(* Flatness makes the two maps [W -> U] through [W1] and [W2] agree, so both have scale 1. *)
Lemma pt_filter_inter (U : Open) (a : pt p U) W1 W2 :
  pt_filter U a W1 -> pt_filter U a W2 -> pt_filter U a (oint W1 W2).
Proof.
  intros H1 H2. pose proof (pt_filter_sub _ _ _ H1) as S1.
  destruct H1 as [a1 [h1 E1]], H2 as [a2 [h2 E2]].
  destruct (flat_pair p W1 W2 a1 a2) as [W [c [n [m [g1 [g2 [F1 F2]]]]]]].
  assert (hn : hom W U n).
  { destruct g1 as [Hn G1]. split; [exact Hn|]. intros x Wx. apply S1, G1, Wx. }
  assert (hm : hom W U m).
  { destruct g2 as [Hm G2]. split; [exact Hm|]. intros x Wx. apply (hom1_sub _ _ h2), G2, Wx. }
  assert (Ea : pmap p W U n hn c = pmap p W U m hm c).
  { rewrite <- (pmap_comp_eq W W1 U n 1 n g1 h1) by lia.
    rewrite <- (pmap_comp_eq W W2 U m 1 m g2 h2) by lia.
    rewrite F1, F2, E1, E2. auto. }
  destruct (flat_eq p W U n m hn hm c Ea) as [W' [k [hk [c' [_ Enm]]]]].
  assert (n = m) by (destruct hk as [Hk _]; apply (Nat.mul_cancel_r n m k); lia).
  subst m.
  assert (g : hom W (oint W1 W2) n).
  { split; [apply g1|]. intros x Wx. split; [apply g1 | apply g2]; auto. }
  exists (pmap p W (oint W1 W2) n g c).
  exists (hom_incl (oint W1 W2) U (fun x (Hx : oint W1 W2 x) => S1 x (proj1 Hx))).
  rewrite (pmap_comp_eq _ _ _ _ _ n _ _ hn) by lia. rewrite <- E1, <- F1.
  symmetry. apply pmap_comp_eq. lia.
Qed.

Definition is_lambda (U : Open) (a : pt p U) (l : R) : Prop :=
  U l /\ forall e, 0 < e -> pt_filter U a (Ball U l e).

(* Otherwise the sets [{y in U | |y - l| > 1/(n+1)}] cover [U], and each of them
   misses a ball of the filter around [l]. *)
Lemma pt_filter_limit_mem (U : Open) (a : pt p U) l :
  (forall e, 0 < e -> pt_filter U a (Ball U l e)) -> U l.
Proof.
  intros HB. apply NNPP; intro HnU.
  set (far n := inter U _ (rel_open_far l (/ INR (S n)))).
  destruct (pt_filter_cover U a U nat far (pt_filter_self U a)) as [n Hn].
  - intros n x [Ux _]; auto.
  - intros x Ux. assert (x <> l) by (intros ->; auto).
    destruct (archimed_cor1 (Rabs (x - l))) as [[|n] [HN HN0]];
      [apply Rabs_pos_lt; lra | lia |].
    exists n. split; auto.
  - assert (0 < / INR (S n)) by (apply Rinv_0_lt_compat, lt_0_INR; lia).
    destruct (pt_filter_nonempty _ _ _ (pt_filter_inter U a _ _ Hn (HB _ H)))
      as [x [[_ H1] [_ H2]]].
    lra.
Qed.

Lemma lambda_ex (U : Open) (a : pt p U) : exists l, is_lambda U a l.
Proof.
  assert (Hpos : forall y, U y -> 0 <= y) by (intros; apply (proj1 (oopen U)); auto).
  destruct (pred_threshold (fun x => pt_filter U a (Lt U x))) as [l [Habove Hbelow]].
  - intros x y Hxy Hx. apply (pt_filter_mono U a (Lt U x)); auto.
    + intros z [Uz Hz]. split; auto; lra.
    + intros z [Uz _]; auto.
  - destruct (pt_filter_cover U a U nat (fun n => Lt U (INR n)) (pt_filter_self U a))
      as [n Hn].
    + intros n x [Ux _]; auto.
    + intros x Ux. destruct (INR_archimed 1 x ltac:(lra)) as [n Hn].
      exists n. split; auto. lra.
    + exists (INR n); auto.
  - exists 0. intro H. destruct (pt_filter_nonempty _ _ _ H) as [y [Uy Hy]].
    pose proof (Hpos y Uy). lra.
  - assert (HB : forall e, 0 < e -> pt_filter U a (Ball U l e)).
    { intros e He.
      destruct (pt_filter_cover U a (Lt U (l + e)) bool
        (fun b => if b then Lt U (l - e/2) else Ball U l e) (Habove e He)) as [[|] Hb].
      - intros [|] x; simpl; intros [Ux Hx]; split; auto; [lra | split_Rabs; lra].
      - intros x [Ux Hx]. destruct (Rlt_dec x (l - e/2)).
        + exists true. split; auto.
        + exists false. split; auto. split_Rabs; lra.
      - exfalso. apply (Hbelow (l - e/2)); [lra | exact Hb].
      - exact Hb. }
    exists l. split; auto. apply (pt_filter_limit_mem U a); auto.
Qed.

Lemma is_lambda_unique (U : Open) (a : pt p U) l1 l2 :
  is_lambda U a l1 -> is_lambda U a l2 -> l1 = l2.
Proof.
  intros [_ H1] [_ H2]. apply NNPP; intro Hne.
  assert (He : 0 < Rabs (l1 - l2) / 2) by (pose proof (Rabs_pos_lt (l1 - l2)); lra).
  destruct (pt_filter_nonempty _ _ _ (pt_filter_inter U a _ _ (H1 _ He) (H2 _ He)))
    as [x [[_ Hx1] [_ Hx2]]].
  revert Hx1 Hx2. split_Rabs; lra.
Qed.

Definition lambda (U : Open) (a : pt p U) : R :=
  proj1_sig (constructive_indefinite_description _ (lambda_ex U a)).

Lemma lambda_spec (U : Open) (a : pt p U) : is_lambda U a (lambda U a).
Proof. unfold lambda. destruct (constructive_indefinite_description _ _); auto. Qed.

▶ **TASK REQUIREMENTS**: Set every line down again exactly. Begin with the first line of the entries and finish with the line containing "[apply Rabs_pos_lt; lra | lia |].".

▶ **RESULT FOR THIS TASK**:
(* Flatness makes the two maps [W -> U] through [W1] and [W2] agree, so both have scale 1. *)
Lemma pt_filter_inter (U : Open) (a : pt p U) W1 W2 :
  pt_filter U a W1 -> pt_filter U a W2 -> pt_filter U a (oint W1 W2).
Proof.
  intros H1 H2. pose proof (pt_filter_sub _ _ _ H1) as S1.
  destruct H1 as [a1 [h1 E1]], H2 as [a2 [h2 E2]].
  destruct (flat_pair p W1 W2 a1 a2) as [W [c [n [m [g1 [g2 [F1 F2]]]]]]].
  assert (hn : hom W U n).
  { destruct g1 as [Hn G1]. split; [exact Hn|]. intros x Wx. apply S1, G1, Wx. }
  assert (hm : hom W U m).
  { destruct g2 as [Hm G2]. split; [exact Hm|]. intros x Wx. apply (hom1_sub _ _ h2), G2, Wx. }
  assert (Ea : pmap p W U n hn c = pmap p W U m hm c).
  { rewrite <- (pmap_comp_eq W W1 U n 1 n g1 h1) by lia.
    rewrite <- (pmap_comp_eq W W2 U m 1 m g2 h2) by lia.
    rewrite F1, F2, E1, E2. auto. }
  destruct (flat_eq p W U n m hn hm c Ea) as [W' [k [hk [c' [_ Enm]]]]].
  assert (n = m) by (destruct hk as [Hk _]; apply (Nat.mul_cancel_r n m k); lia).
  subst m.
  assert (g : hom W (oint W1 W2) n).
  { split; [apply g1|]. intros x Wx. split; [apply g1 | apply g2]; auto. }
  exists (pmap p W (oint W1 W2) n g c).
  exists (hom_incl (oint W1 W2) U (fun x (Hx : oint W1 W2 x) => S1 x (proj1 Hx))).
  rewrite (pmap_comp_eq _ _ _ _ _ n _ _ hn) by lia. rewrite <- E1, <- F1.
  symmetry. apply pmap_comp_eq. lia.
Qed.

Definition is_lambda (U : Open) (a : pt p U) (l : R) : Prop :=
  U l /\ forall e, 0 < e -> pt_filter U a (Ball U l e).

(* Otherwise the sets [{y in U | |y - l| > 1/(n+1)}] cover [U], and each of them
   misses a ball of the filter around [l]. *)
Lemma pt_filter_limit_mem (U : Open) (a : pt p U) l :
  (forall e, 0 < e -> pt_filter U a (Ball U l e)) -> U l.
Proof.
  intros HB. apply NNPP; intro HnU.
  set (far n := inter U _ (rel_open_far l (/ INR (S n)))).
  destruct (pt_filter_cover U a U nat far (pt_filter_self U a)) as [n Hn].
  - intros n x [Ux _]; auto.
  - intros x Ux. assert (x <> l) by (intros ->; auto).
    destruct (archimed_cor1 (Rabs (x - l))) as [[|n] [HN HN0]];
      [apply Rabs_pos_lt; lra | lia |].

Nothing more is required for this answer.